Lemma Epot_ge g rhop rhom sigp sigm r : 0 <= g -> 0 < rhom <= rhop ->
  0 <= sigp -> 0 <= sigm -> 0 <= r ->
  - (r * g * (rhop - rhom) / rhom) * Jfun b rhop rhom psi dpsi r
    <= Epot g rhop rhom sigp sigm psi r.
Proof.
move=> g_ge0 rho sigp_ge0 sigm_ge0 r_ge0; have /andP[rhom_gt0 rho_le] := rho.
have k_ge0 : 0 <= r * g * (rhop - rhom) / (2 * rhom).
  by rewrite divr_ge0 ?mulr_ge0 ?subr_ge0 // ltW // mulr_gt0.
have := ler_wpM2l k_ge0 (trace_Jfun _ _ r rho).
rewrite (_ : _ * (rhom * r * psi 0 ^+ 2) = 2^-1 * r ^+ 2 * (g * (rhop - rhom)) * psi 0 ^+ 2);
  last by field; rewrite lt0r_neq0.
rewrite (_ : _ * (2 * _) = r * g * (rhop - rhom) / rhom * Jfun b rhop rhom psi dpsi r);
  last by field; rewrite lt0r_neq0.
have : 0 <= 2^-1 * r ^+ 2 * (sigp * r ^+ 2 + g * rhop) * psi 1 ^+ 2.
  apply: mulr_ge0; last exact: sqr_ge0.
  apply: mulr_ge0; first by rewrite mulr_ge0 ?invr_ge0 ?ler0n ?sqr_ge0.
  by rewrite addr_ge0 ?mulr_ge0 ?sqr_ge0 // ltW // (lt_le_trans rhom_gt0).
have : 0 <= 2^-1 * r ^+ 2 * (sigm * r ^+ 2) * psi 0 ^+ 2.
  apply: mulr_ge0; last exact: sqr_ge0.
  by rewrite mulr_ge0 ?mulr_ge0 ?invr_ge0 ?ler0n ?sqr_ge0.
rewrite /Epot; lra.
Qed.

End admissible.
End energies.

━━━━

## [Task directions]
Begin at the line above that has "0 <= sigp -> 0 <= sigm -> 0 <= r ->" and stop after the line that has "move=> g_ge0 rho", copying each line exactly and adding nothing else.

## [Task output]
  0 <= sigp -> 0 <= sigm -> 0 <= r ->
  - (r * g * (rhop - rhom) / rhom) * Jfun b rhop rhom psi dpsi r
    <= Epot g rhop rhom sigp sigm psi r.
Proof.
move=> g_ge0 rho sigp_ge0 sigm_ge0 r_ge0; have /andP[rhom_gt0 rho_le] := rho.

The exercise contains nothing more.